=== INSTRUCTIONS TO FOLLOW ===
Copy every line of the data exactly, leaving nothing out.

=== Collected data ===
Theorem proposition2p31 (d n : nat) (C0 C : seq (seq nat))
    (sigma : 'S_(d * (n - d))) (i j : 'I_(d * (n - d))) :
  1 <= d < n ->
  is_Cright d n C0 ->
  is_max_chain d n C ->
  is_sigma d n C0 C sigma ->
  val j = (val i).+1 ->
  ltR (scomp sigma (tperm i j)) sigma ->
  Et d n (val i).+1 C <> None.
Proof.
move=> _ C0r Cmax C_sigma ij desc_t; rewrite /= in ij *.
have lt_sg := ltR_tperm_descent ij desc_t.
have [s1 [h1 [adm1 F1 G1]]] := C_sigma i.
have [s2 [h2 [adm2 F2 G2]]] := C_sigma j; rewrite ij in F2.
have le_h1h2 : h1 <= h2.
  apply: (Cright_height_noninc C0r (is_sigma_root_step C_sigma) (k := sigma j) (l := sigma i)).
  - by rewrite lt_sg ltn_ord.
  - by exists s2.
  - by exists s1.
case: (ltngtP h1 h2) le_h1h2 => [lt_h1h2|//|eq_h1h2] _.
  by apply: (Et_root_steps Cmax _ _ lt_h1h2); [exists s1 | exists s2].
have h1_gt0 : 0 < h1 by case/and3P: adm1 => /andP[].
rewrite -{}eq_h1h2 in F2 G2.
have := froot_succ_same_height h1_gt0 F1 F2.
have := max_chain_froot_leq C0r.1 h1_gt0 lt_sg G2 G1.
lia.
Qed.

=== OUTPUT FOR THIS EXERCISE ===
Theorem proposition2p31 (d n : nat) (C0 C : seq (seq nat))
    (sigma : 'S_(d * (n - d))) (i j : 'I_(d * (n - d))) :
  1 <= d < n ->
  is_Cright d n C0 ->
  is_max_chain d n C ->
  is_sigma d n C0 C sigma ->
  val j = (val i).+1 ->
  ltR (scomp sigma (tperm i j)) sigma ->
  Et d n (val i).+1 C <> None.
Proof.
move=> _ C0r Cmax C_sigma ij desc_t; rewrite /= in ij *.
have lt_sg := ltR_tperm_descent ij desc_t.
have [s1 [h1 [adm1 F1 G1]]] := C_sigma i.
have [s2 [h2 [adm2 F2 G2]]] := C_sigma j; rewrite ij in F2.
have le_h1h2 : h1 <= h2.
  apply: (Cright_height_noninc C0r (is_sigma_root_step C_sigma) (k := sigma j) (l := sigma i)).
  - by rewrite lt_sg ltn_ord.
  - by exists s2.
  - by exists s1.
case: (ltngtP h1 h2) le_h1h2 => [lt_h1h2|//|eq_h1h2] _.
  by apply: (Et_root_steps Cmax _ _ lt_h1h2); [exists s1 | exists s2].
have h1_gt0 : 0 < h1 by case/and3P: adm1 => /andP[].
rewrite -{}eq_h1h2 in F2 G2.
have := froot_succ_same_height h1_gt0 F1 F2.
have := max_chain_froot_leq C0r.1 h1_gt0 lt_sg G2 G1.
lia.
Qed.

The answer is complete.